Bavel

I knew virtually nothing about DTLA before my recent work trip, but I did know that’s where Bavel was located. And I follow enough LA-based foodies to know that it’s a must-eat. I also know LA folks (my friend, Hart, included) are obsessed with Bestia, the first restaurant from these folks. Like, obsessed. I had high hopes that remained high when I walked into the riad-looking space, dripping with greenery.

Everything is served family style and we ordered most of the menu. And every single thing was good. All of it. Even things I don’t normally go gaga over (babaghanoush) were fabulous. The food is Israeli/Mediterranean focused, which is not always everyone’s bag, but trust when I say everyone will enjoy this place – even Ariana, the self-proclaimed “picky eater” in our group loves this place.

To start we got several items from the spreads section. The hummus was smooth and flavorful, though I wish I got to try the version that was topped with duck nduja. That said, even this “simple” version tasted extra flavorful, thanks to the two versions of chili paste it was served with.

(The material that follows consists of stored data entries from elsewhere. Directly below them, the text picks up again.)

Lemma block_starts (F : list (nat -> R)) (e : nat -> R) (N : nat) :
  (forall f, In f F -> Un_cv f 0) -> (forall n, 0 < e n) ->
  exists m : nat -> nat, (forall n n', (n < n')%nat -> (m n + N <= m n')%nat) /\
    forall n q f, (m n <= q)%nat -> In f F -> f q < e n.
Proof.
  intros HF He.
  destruct (choice _ (fun n => eventually_below F (e n) HF (He n))) as [T HT].
  exists (block_start T N). split.
  - intros n n' Hlt. induction Hlt; simpl; lia.
  - intros n q f Hq Hf. apply (HT n); auto. destruct n; simpl in Hq; lia.
Qed.

(** * Words read along blocks *)

Section BlockSums.
(* [fk a] is the [a]-th sequence of a finite family. *)
Variable fk : nat -> nat -> R.

Fixpoint fixed_sum (t : list (option nat)) (base : nat) : R :=
  match t with
  | [] => 0
  | None :: t' => fixed_sum t' (S base)
  | Some a :: t' => fk a base + fixed_sum t' (S base)
  end.

Fixpoint free_positions (t : list (option nat)) (base : nat) : list nat :=
  match t with
  | [] => []
  | None :: t' => base :: free_positions t' (S base)
  | Some _ :: t' => free_positions t' (S base)
  end.

Lemma fixed_sum_inst t i base :
  fixed_sum (map Some (inst t i)) base = fixed_sum t base + sum_over (fk i) (free_positions t base).
Proof.
  revert base; induction t as [|[a|] t IH]; intros base; simpl; [ring| |];
  rewrite IH, ?sum_over_cons; ring.
Qed.

Lemma free_positions_range t base x :
  In x (free_positions t base) -> (base <= x < base + length t)%nat.
Proof.
  revert base; induction t as [|[a|] t IH]; intros base; simpl; [intros []| |].
  - intros H; apply IH in H; lia.
  - intros [<-|H]; [lia|apply IH in H; lia].
Qed.

Lemma free_positions_NoDup t base : NoDup (free_positions t base).
Proof.
  revert base; induction t as [|[a|] t IH]; intros base; simpl; [constructor|auto|].
  constructor; auto. intros H; apply free_positions_range in H; lia.
Qed.

Lemma free_positions_nil t base : In None t -> free_positions t base <> [].
Proof.
  revert base; induction t as [|[a|] t IH]; intros base; simpl; [intros []| |].
  - intros [H|H]; [discriminate|apply IH; auto].
  - intros _; discriminate.
Qed.

Lemma fixed_sum_bound t base e : 0 <= e ->
  (forall a q, In (Some a) t -> (base <= q)%nat -> 0 < fk a q < e) ->
  0 <= fixed_sum t base <= INR (length t) * e.
Proof.
  revert base; induction t as [|[a|] t IH]; intros base He Hb; simpl length; simpl fixed_sum.
  - simpl; lra.
  - assert (0 < fk a base < e) by (apply Hb; [left; auto|lia]).
    assert (0 <= fixed_sum t (S base) <= INR (length t) * e).
    { apply IH; auto. intros a' q Ha Hq. apply Hb; [right; auto|lia]. }
    rewrite S_INR. lra.
  - assert (0 <= fixed_sum t (S base) <= INR (length t) * e).
    { apply IH; auto. intros a' q Ha Hq. apply Hb; [right; auto|lia]. }
    rewrite S_INR. lra.
Qed.

Lemma fixed_sum_closed (Sg : R -> Prop) (Hadd : forall x y, Sg x -> Sg y -> Sg (x + y)) t base :
  (forall a q, In (Some a) t -> Sg (fk a q)) -> forall x, Sg x -> Sg (x + fixed_sum t base).
Proof.
  revert base; induction t as [|[a|] t IH]; intros base Ht x Hx; simpl.
  - rewrite Rplus_0_r; auto.
  - replace (x + (fk a base + fixed_sum t (S base))) with
      ((x + fk a base) + fixed_sum t (S base)) by ring.
    apply IH; [intros; apply Ht; right; auto|]. apply Hadd; auto. apply Ht; left; auto.
  - apply IH; auto. intros; apply Ht; right; auto.
Qed.

End BlockSums.

Section Blocks.
Variables (Sg : R -> Prop) (fk : nat -> nat -> R) (k N : nat) (c0 : R) (m : nat -> nat).
Hypothesis Hadd : forall x y, Sg x -> Sg y -> Sg (x + y).
Hypothesis Hc0 : 0 < c0.
Hypothesis Hfk_in : forall a q, (a < k)%nat -> Sg (fk a q).
Hypothesis Hfk_small : forall n a q, (a < k)%nat -> (m n <= q)%nat ->
  0 < fk a q < c0 * (1/2) ^ S n.
Hypothesis HN : (0 < N)%nat.
Hypothesis Hm_sep : forall n n', (n < n')%nat -> (m n + N <= m n')%nat.

(* The word [w] read on the [n]-th block [m n, ..., m n + N - 1]. *)
Definition block_seq (w : list nat) (n : nat) : R := fixed_sum fk (map Some w) (m n).

Lemma fixed_sum_block t n : length t = N -> (forall a, In (Some a) t -> (a < k)%nat) ->
  0 <= fixed_sum fk t (m n) <= INR N * c0 * (1/2) ^ S n.
Proof.
  intros Hl Ha. rewrite Rmult_assoc, <- Hl.
  apply fixed_sum_bound; [apply Rlt_le, Rmult_lt_0_compat; [lra|apply pow_lt; lra]|].
  intros a q Hin Hq. apply Hfk_small; auto.
Qed.

Lemma block_seq_tau0 w : In w (words k N) -> tau0 Sg (block_seq w).
Proof.
  intros Hw. apply In_words in Hw. destruct Hw as [Hl Ha].
  assert (Hletters : forall a, In (Some a) (map Some w) -> (a < k)%nat).
  { intros a Hin. apply in_map_iff in Hin. destruct Hin as [b [Hb Hb']].
    injection Hb; intros <-; auto. }
  split.
  - intros n. destruct w as [|b w]; [simpl in Hl; lia|]. unfold block_seq. simpl.
    apply (fixed_sum_closed fk Sg Hadd); [|apply Hfk_in, Ha; left; auto].
    intros a q Hin. apply Hfk_in, Hletters. right; auto.
  - apply (cv_dominated_geometric _ (INR N * c0)). intros n.
    destruct (fixed_sum_block (map Some w) n) as [H1 H2]; [rewrite length_map; auto|auto|].
    unfold block_seq. simpl in H2. lra.
Qed.

Lemma collapse_line t a H delta : variable_word k N t ->
  Sg a -> a < delta / 2 -> H <> [] -> NoDup H -> INR N * c0 <= delta / 2 ->
  exists a' H', Sg a' /\ a' < delta /\ H' <> [] /\ NoDup H' /\
    forall i, a + sum_over (block_seq (inst t i)) H = a' + sum_over (fk i) H'.
Proof.
  intros [Htl [HtN Htk]] Ha Had HH HHnd HNc.
  exists (a + sum_over (fun n => fixed_sum fk t (m n)) H),
         (flat_map (fun n => free_positions t (m n)) H).
  split; [|split; [|split; [|split]]].
  - apply sum_over_closed; auto. intros n x _ Hx.
    apply (fixed_sum_closed fk Sg Hadd); auto.
  - enough (sum_over (fun n => fixed_sum fk t (m n)) H <= INR N * c0) by lra.
    apply Rle_trans with (sum_over (fun n => INR N * c0 * (1/2) ^ S n) H).
    + apply sum_over_le. intros n _. apply fixed_sum_block; auto.
    + rewrite sum_over_scal. pose proof (geometric_sum_le_1 H HHnd).
      assert (0 <= INR N * c0) by (pose proof (pos_INR N); nra). nra.
  - destruct H as [|n0 H]; [congruence|]. simpl.
    pose proof (free_positions_nil t (m n0) HtN).
    destruct (free_positions t (m n0)); [congruence|discriminate].
  - apply NoDup_flat_map; auto; [intros; apply free_positions_NoDup|].
    intros n n' x _ _ Hne Hx Hx'.
    apply free_positions_range in Hx. apply free_positions_range in Hx'.
    destruct (Nat.lt_gt_cases n n') as [[Hlt|Hlt] _]; auto;
      [pose proof (Hm_sep n n' Hlt)|pose proof (Hm_sep n' n Hlt)]; lia.
  - intros i. unfold block_seq. rewrite sum_over_flat_map, Rplus_assoc, <- sum_over_plus.
    f_equal. apply sum_over_ext. intros n _. apply fixed_sum_inst.
Qed.
Lemma kappa_below : exists x, 0 < x < 1 /\ kappa x < b3.
Proof.
  pose proof pR_ge2. pose proof qR_gt_pR. pose proof (Rabs_pos b3).
  set (K := 2 * qR * (qR - 1) * (qR - pR)).
  assert (HK : 0 < K) by (unfold K; positivity).
  set (x := Rmin ((pR - 1) / (2 * pR)) ((pR - 1) / (2 * K * (Rabs b3 + 1)))).
  assert (Hx1 : x <= (pR - 1) / (2 * pR)) by apply Rmin_l.
  assert (Hx2 : x <= (pR - 1) / (2 * K * (Rabs b3 + 1))) by apply Rmin_r.
  assert (Hx0 : 0 < x) by (apply Rmin_glb_lt; unfold Rdiv; positivity).
  assert ((pR - 1) / (2 * pR) < 1) by (apply Rlt_div_l; lra).
  exists x. split; [lra|].
  pose proof (kappa_den_le x ltac:(lra)) as HD. pose proof (kappa_den_pos x ltac:(lra)).
  fold K in HD. assert (HDx : kappa_den x <= K * x) by nra.
  apply (quotient_below _ _ _ ((pR - 1) / 2)); auto.
  - assert (x * (2 * K * (Rabs b3 + 1)) <= pR - 1) by (apply Rle_div_r; [positivity | exact Hx2]).
    apply Rle_trans with (K * x * (Rabs b3 + 1)); [apply Rmult_le_compat_r|]; lra.
  - assert (x * (2 * pR) <= pR - 1) by (apply Rle_div_r; [lra | exact Hx1]). lra.
Qed.

Lemma kappa_above : exists y, 0 < y < 1 /\ b3 < kappa y.
Proof.
  pose proof pR_ge2. pose proof qR_gt_pR. pose proof (Rabs_pos b3).
  set (K := 2 * qR * (qR - 1) * (qR - pR)).
  assert (HK : 0 < K) by (unfold K; positivity).
  set (t := Rmin (/ (2 * pR)) (/ (2 * K * (Rabs b3 + 1)))).
  assert (Ht1 : t <= / (2 * pR)) by apply Rmin_l.
  assert (Ht2 : t <= / (2 * K * (Rabs b3 + 1))) by apply Rmin_r.
  assert (Ht0 : 0 < t) by (apply Rmin_glb_lt; positivity).
  assert (/ (2 * pR) <= / 4) by (apply Rinv_le_contravar; lra).
  exists (1 - t). split; [lra|].
  pose proof (kappa_den_le (1 - t) ltac:(lra)) as HD. pose proof (kappa_den_pos (1 - t) ltac:(lra)).
  fold K in HD. assert (HDt : kappa_den (1 - t) <= K * t) by nra.
  apply (quotient_above _ _ _ (/ 2)); auto.
  - assert (t * (2 * K * (Rabs b3 + 1)) <= 1)
      by (apply Rle_div_r; [positivity | unfold Rdiv; lra]).
    apply Rle_trans with (K * t * (Rabs b3 + 1)); [apply Rmult_le_compat_r|]; lra.
  - assert (t * (2 * pR) <= 1) by (apply Rle_div_r; [lra | unfold Rdiv; lra]). lra.
Qed.

Lemma kappa_root : exists u0, 0 < u0 < 1 /\ kappa u0 = b3.
Proof.
  destruct kappa_below as [x [Hx Hkx]]. destruct kappa_above as [y [Hy Hky]].
  assert (x < y) by (apply (incr_on_rev _ kappa x y kappa_incr); auto; lra).
  destruct (ivt_up kappa x y b3) as [z [Hz Hkz]]; auto.
  - intros w Hw. apply kappa_continuous. lra.
  - exists z. split; [lra | auto].
Qed.

Lemma g_continuous b2 u : 0 < u < 1 -> continuity_pt (g b2) u.
Proof. intros Hu. eapply derivable_continuous, derive_g, Hu. Qed.

Lemma beta_continuous u : 0 < u < 1 -> continuity_pt beta u.
Proof. intros Hu. eapply derivable_continuous, derive_beta, Hu. Qed.

Lemma B1_continuous u : 0 < u < 1 -> continuity_pt B1 u.
Proof. intros Hu. eapply derivable_continuous, derive_B1, Hu. Qed.
(* Let $p$ be an odd prime, $\lambda$ a partition, and suppose that for some abacus display of $\lambda$ the runners $i,j\in\{0,\dots,p-1\}$ satisfy conditions (F1), (F2), (F3). If $\kappa_p(\lambda)\ne\lambda$, then $i\ne j$.
   Context: Abacus: for $\lambda$ with at most $s$ nonzero parts, $\beta_k=\lambda_k-k+s$ ($1\le k\le s$). Position $q\ge0$ lies on runner $q\bmod p$ and is occupied iff $q$ equals some $\beta_k$. For runner $t$, $\lambda^{(t)}$ is the partition whose $m$-th part is the number of unoccupied positions on runner $t$ smaller than the $m$-th largest occupied position on runner $t$. (F1) $\lambda^{(k)}=\varnothing$ for all $k\notin\{i,j\}$; (F2) if position $i+ap$ is unoccupied then every position $b>i+ap$ not on runner $i$ is unoccupied; (F3) if position $j+cp$ is occupied then every position $d<j+cp$ not on runner $j$ is occupied. $\kappa_p(\lambda)$ is the $p$-core of $\lambda$. *)

From mathcomp Require Import all_boot.
Set Implicit Arguments. Unset Strict Implicit. Unset Printing Implicit Defensive.

Definition is_partition (lam : seq nat) : bool :=
  sorted geq lam && all (fun x => 0 < x) lam.

(* Beta-numbers with s beads (s >= size lam):
   beta_k = lam_k - k + s for 1 <= k <= s  (0-indexed: k -> k.+1).
   Listed in strictly decreasing order. *)
Definition beta (s : nat) (lam : seq nat) : seq nat :=
  [seq nth 0 lam k + s - k.+1 | k <- iota 0 s].

Definition occupied (s : nat) (lam : seq nat) (q : nat) : bool :=
  q \in beta s lam.

(* lam^(t): the m-th part is the number of unoccupied positions on runner t
   smaller than the m-th largest occupied position on runner t
   (zero parts dropped). *)
Definition quotient_part (p s : nat) (lam : seq nat) (t : nat) : seq nat :=
  [seq x <- [seq count (fun q => (q %% p == t) && ~~ occupied s lam q) (iota 0 b)
            | b <- [seq b <- beta s lam | b %% p == t]] | 0 < x].

Definition F1 (p s : nat) (lam : seq nat) (i j : nat) : Prop :=
  forall k, k < p -> k != i -> k != j -> quotient_part p s lam k = [::].

Definition F2 (p s : nat) (lam : seq nat) (i : nat) : Prop :=
  forall a, ~~ occupied s lam (i + a * p) ->
  forall b, i + a * p < b -> b %% p != i -> ~~ occupied s lam b.

Definition F3 (p s : nat) (lam : seq nat) (j : nat) : Prop :=
  forall c, occupied s lam (j + c * p) ->
  forall d, d < j + c * p -> d %% p != j -> occupied s lam d.

Definition part_of_beta (B : seq nat) : seq nat :=
  let s := size B in
  let B' := sort geq B in
  [seq x <- [seq nth 0 B' k + k.+1 - s | k <- iota 0 s] | 0 < x].

(* Beta-set of the p-core: on each runner t push all beads up. *)
Definition core_beta (p s : nat) (lam : seq nat) : seq nat :=
  flatten [seq [seq t + m * p | m <- iota 0 (count (fun b => b %% p == t) (beta s lam))]
          | t <- iota 0 p].

Definition kappa (p : nat) (lam : seq nat) : seq nat :=
  part_of_beta (core_beta p (size lam) lam).

(* By (F1) every runner other than i has empty quotient, i.e. no
   bead there sits below a gap of its runner.  On runner i a gap i + a p directly
   above a bead i + (a+1) p is impossible too: the position i + a p + 1 lies
   strictly between them and off runner i (as p > 1), so (F2) empties it while
   (F3) fills it.  Hence every bead is pushed up its runner, the abacus is its
   own p-core, and kappa_p lam = lam. *)

From mathcomp Require Import all_boot zify.

Set Implicit Arguments.
Unset Strict Implicit.
Unset Printing Implicit Defensive.

Lemma perm_iota_of_pred_closed (S : seq nat) :
  uniq S -> (forall x, x.+1 \in S -> x \in S) -> perm_eq S (iota 0 (size S)).
Proof.
move=> uS predS.
have downS y x : y <= x -> x \in S -> y \in S.
  move=> le_yx; elim: x le_yx => [|x IHx]; first by rewrite leqn0 => /eqP->.
  rewrite leq_eqVlt ltnS => /orP[/eqP-> // | le_yx /predS].
  exact: IHx.
have lt_size x : x \in S -> x < size S.
  move=> xS; rewrite -[x.+1](size_iota 0); apply: uniq_leq_size (iota_uniq _ _) _.
  by move=> y; rewrite mem_iota ltnS => /andP[_ /downS]; apply.
apply: uniq_perm; rewrite ?iota_uniq //.
have sub : {subset S <= iota 0 (size S)} by move=> x /lt_size; rewrite mem_iota.
by case: (uniq_min_size uS sub); rewrite ?size_iota.
Qed.

Lemma modSn_neq p x : 1 < p -> x.+1 %% p != x %% p.
Proof. by move=> p_gt1; rewrite eqn_mod_dvd // subSnn dvdn1 neq_ltn p_gt1 orbT. Qed.

Lemma modnBr d m : d <= m -> m - d = m %[mod d].
Proof. by move=> le_dm; rewrite -{2}(subnK le_dm) modnDr. Qed.

Lemma perm_runner (p t : nat) (S : seq nat) : 0 < p -> uniq S ->
  (forall x, x \in S -> x %% p = t) ->
  (forall x, x \in S -> p <= x -> x - p \in S) ->
  perm_eq S [seq t + m * p | m <- iota 0 (size S)].
Proof.
move=> p_gt0 uS onS downS.
have divnK x : x \in S -> t + x %/ p * p = x by move=> xS; rewrite -(onS x xS) addnC -divn_eq.
have -> : S = [seq t + m * p | m <- [seq x %/ p | x <- S]].
  by rewrite -map_comp -[LHS]map_id; apply/esym/eq_in_map => x /divnK.
rewrite !size_map -(size_map (divn^~ p) S); apply/perm_map/perm_iota_of_pred_closed.
  rewrite map_inj_in_uniq // => x y xS yS eq_xy.
  by rewrite -(divnK x xS) -(divnK y yS) eq_xy.
move=> m /mapP[x xS m_def].
have x_def : x = t + m * p + p by rewrite -{1}(divnK x xS) -m_def mulSn addnCA addnC.
have xpS : x - p \in S by apply: downS; rewrite // x_def leq_addl.
apply/mapP; exists (x - p) => //.
by apply/eqP; rewrite -(eqn_pmul2r p_gt0) -(eqn_add2l t) divnK // x_def addnK.
Qed.

Lemma perm_flatten_fibres (T : eqType) (f : T -> nat) (s : seq T) (n : nat) :
  all (fun x => f x < n) s ->
  perm_eq s (flatten [seq [seq x <- s | f x == t] | t <- iota 0 n]).
Proof.
move=> /all_filterP {1}<-; elim: n => [|n IHn].
  by rewrite (@eq_filter _ _ pred0) ?filter_pred0.
rewrite -addn1 iotaD map_cat flatten_cat /= cats0 add0n.
rewrite -(perm_filterC (fun x => f x < n)) -!filter_predI.
apply: perm_cat.
  by rewrite (@eq_filter _ _ (fun x => f x < n)) // => x /=; lia.
by rewrite (@eq_filter _ _ (fun x => f x == n)) // => x /=; lia.
Qed.

Definition beads_up (p s : nat) (lam : seq nat) : Prop :=
  forall q, occupied s lam q -> p <= q -> occupied s lam (q - p).

Lemma perm_core_beta p s lam : 0 < p -> uniq (beta s lam) -> beads_up p s lam ->
  perm_eq (core_beta p s lam) (beta s lam).
Proof.
move=> p_gt0 uB upB; rewrite perm_sym.
have ltp : all (fun x => x %% p < p) (beta s lam) by apply/allP => x _; rewrite ltn_mod.
apply: perm_trans (@perm_flatten_fibres _ (modn^~ p) _ p ltp) _.
apply/permP => a; rewrite !count_flatten -!map_comp; congr sumn.
apply/eq_in_map => t _ /=; apply/permP; rewrite -size_filter.
apply: perm_runner; rewrite ?filter_uniq //.
  by move=> x; rewrite mem_filter => /andP[/eqP].
move=> x; rewrite !mem_filter => /andP[/eqP <- xB] le_px.
by rewrite modnBr // eqxx; apply: upB.
Qed.

Lemma sorted_geq_nth (lam : seq nat) :
  sorted geq lam -> {homo nth 0 lam : x y / x <= y >-> y <= x}.
Proof.
move=> sorted_lam x y le_xy; have [y_lt|y_ge] := ltnP y (size lam); last by rewrite nth_default.
apply: (sorted_leq_nth (leT := geq)) => //; rewrite ?inE //; last exact: leq_ltn_trans y_lt.
- by move=> a b c /= ba cb; apply: leq_trans ba.
- exact: leqnn.
Qed.

Lemma sorted_beta s lam : sorted geq lam -> sorted gtn (beta s lam).
Proof.
move=> sorted_lam; apply: (homo_sorted_in (P := gtn s)) (iota_ltn_sorted 0 s).
  move=> x y; rewrite !inE /= => x_lt y_lt lt_xy.
  have := sorted_geq_nth sorted_lam (ltnW lt_xy); lia.
by apply/allP => x; rewrite mem_iota.
Qed.

Lemma uniq_beta s lam : sorted geq lam -> uniq (beta s lam).
Proof. by move/(sorted_beta s); rewrite gtn_sorted_uniq_geq => /andP[]. Qed.

Lemma part_of_beta_perm B s lam : is_partition lam -> size lam <= s ->
  perm_eq B (beta s lam) -> part_of_beta B = lam.
Proof.
case/andP=> sorted_lam pos_lam le_size permB.
have tr_geq : transitive geq by move=> a b c /= ba cb; apply: leq_trans ba.
have sortB : sort geq B = beta s lam.
  rewrite (perm_sortP _ _ _ _ _ permB) ?sorted_sort //.
  - by move: (sorted_beta s sorted_lam); rewrite gtn_sorted_uniq_geq => /andP[].
  - by move=> a b; apply: leq_total.
  - by move=> a b /andP[/= ba ab]; apply/anti_leq; rewrite ba ab.
rewrite /part_of_beta sortB (perm_size permB) size_map size_iota.
have -> : [seq nth 0 (beta s lam) k + k.+1 - s | k <- iota 0 s] = mkseq (nth 0 lam) s.
  apply/eq_in_map => k; rewrite mem_iota => /andP[_ k_lt].
  by rewrite (nth_map 0) ?size_iota ?nth_iota // add0n; lia.
rewrite -(subnKC le_size); elim: (s - size lam) => [|d IHd].
  by rewrite addn0 mkseq_nth; apply/all_filterP.
by rewrite addnS mkseqS filter_rcons nth_default ?leq_addr.
Qed.

Lemma kappa_id p lam : 0 < p -> is_partition lam -> beads_up p (size lam) lam ->
  kappa p lam = lam.
Proof.
move=> p_gt0 lamP upB; have /andP[sorted_lam _] := lamP.
exact/(part_of_beta_perm lamP)/perm_core_beta/upB/uniq_beta.
Qed.

Lemma occupied_addn d lam q :
  occupied (size lam + d) lam (q + d) = occupied (size lam) lam q.
Proof.
rewrite /occupied /beta; apply/mapP/mapP => -[k]; rewrite !mem_iota /= => k_lt q_def.
  have k_small : k < size lam.
    by rewrite ltnNge; apply/negP => k_ge; move: q_def; rewrite nth_default //; lia.
  by exists k; rewrite ?mem_iota //; lia.
by exists k; rewrite ?mem_iota //; lia.
Qed.

Lemma beads_up_addn p d lam :
  beads_up p (size lam + d) lam -> beads_up p (size lam) lam.
Proof.
move=> upB q; rewrite -(occupied_addn d) -(occupied_addn d) => occ le_pq.
by rewrite addnBAC //; apply: upB; rewrite // (leq_trans le_pq) ?leq_addr.
Qed.

Lemma quotient_part_nil_beads_up p s lam t q : 0 < p ->
  quotient_part p s lam t = [::] -> occupied s lam q -> q %% p = t -> p <= q ->
  occupied s lam (q - p).
Proof.
move=> p_gt0 nil_t occ_q q_t le_pq.
have bead_q : q \in [seq b <- beta s lam | b %% p == t] by rewrite mem_filter q_t eqxx.
move/eqP: nil_t; rewrite /quotient_part -[_ == _]negbK -has_filter.
move=> /hasPn/(_ _ (map_f _ bead_q)); rewrite -has_count => /hasPn/(_ (q - p)).
rewrite mem_iota /= modnBr // q_t eqxx negbK; apply; lia.
Qed.

Lemma F2_F3_beads_up p s lam i q : 1 < p -> F2 p s lam i -> F3 p s lam i ->
  occupied s lam q -> q %% p = i -> p <= q -> occupied s lam (q - p).
Proof.
move=> p_gt1 F2i F3i occ_q q_i le_pq; apply/negPn/negP => gap.
set a := (q - p) %/ p.
have gap_def : i + a * p = q - p by rewrite [RHS](divn_eq (q - p) p) modnBr // q_i addnC.
have bead_def : i + a.+1 * p = q by rewrite mulSn addnCA gap_def subnKC.
have off_i : (q - p).+1 %% p != i by rewrite -q_i -(modnBr le_pq) modSn_neq.
have gap_a : ~~ occupied s lam (i + a * p) by rewrite gap_def.
have bead_a : occupied s lam (i + a.+1 * p) by rewrite bead_def.
have above_gap : i + a * p < (q - p).+1 by rewrite gap_def.
have below_bead : (q - p).+1 < i + a.+1 * p by rewrite bead_def; lia.
by move: (F2i a gap_a _ above_gap off_i); rewrite (F3i _ bead_a _ below_bead off_i).
Qed.

Lemma beads_up_of_F p s lam i : 1 < p ->
  F1 p s lam i i -> F2 p s lam i -> F3 p s lam i -> beads_up p s lam.
Proof.
move=> p_gt1 F1i F2i F3i q occ_q le_pq.
have [q_i|q_ni] := eqVneq (q %% p) i; first exact: F2_F3_beads_up q_i le_pq.
have p_gt0 : 0 < p by apply: ltnW.
by apply: quotient_part_nil_beads_up (F1i _ _ q_ni q_ni) occ_q _ le_pq; rewrite ?ltn_mod.
Qed.

Theorem lemma4p5 (p : nat) (lam : seq nat) (i j : nat) :
  prime p -> odd p -> is_partition lam -> i < p -> j < p ->
  (exists s, size lam <= s /\ F1 p s lam i j /\ F2 p s lam i /\ F3 p s lam j) ->
  kappa p lam <> lam -> i <> j.
Proof.
move=> p_prime _ lamP _ _ [s [le_size [F1s [F2s F3s]]]] not_core eq_ij; subst j.
apply/not_core/kappa_id; rewrite ?prime_gt0 //.
apply: (@beads_up_addn p (s - size lam)); rewrite subnKC //.
exact: beads_up_of_F (prime_gt1 p_prime) F1s F2s F3s.
Qed.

The babaghanoush was outstanding. None of that metallic tang that often turns me off of the dish and eggplant in general. It had a hint of smokiness that made it stand out. The fried pita it came with was unbelievable. It was fluffy and light. We ordered an extra serving of it, and I suggest you do the same.

We also got the farm cheese, topped with a chunky zaatar. I could slather this on anything…but most obviously on that fried pita.

Roasted cauliflower is on many a menu and this one, in a chile sauce with yogurt dip, is a great side to pair with the equally meaty mains. It won’t blow your mind – solely because you’ve probably tasted something similar before – but it is done very well.

The scallop crudo was one of the more interesting cevice-ish dishes I’ve tried. I don’t normally like fruit in savory dishes (and this one is mixed with strawberry), but the cucumber and scallop were so light (and not at all fishy) that it worked.

The oyster mushroom kabab came highly recommended and I understand why. This tasted like shwarma meat. Like actual meat. I could serve this to my beau who refuses to eat vegetarian and he would probably consider this a satisfying meal. Sumac and, maybe, cumin gave it a deep flavor. Like something that’s been roasting on a spit all day.

The whole roasted dorade was tasty and a nice break from the heavy dishes that graced our table. That said, it was spiced with some smoked seasoning so it wasn’t a shy dish, per se. The lamb shwarma, on the other hand, is a beast. At $45, this seems like a very pricy entrée but it’s most certainly not for a single person. It was served with spicy pickled veggies, which may remind you of the Israeli pickles served with the traditional street food but introduce a whole new flavor to the DIY sandwiches.

We were very full and couldn’t bring ourselves to order dessert, opting instead for an extra of their yummy cocktails. I couldn’t eat another bite, which made me sad because there were a few items on the menu we didn’t tackle and with our order as an indication, they were bound to be good. So: yes, Bavel definitely lives up to the hype.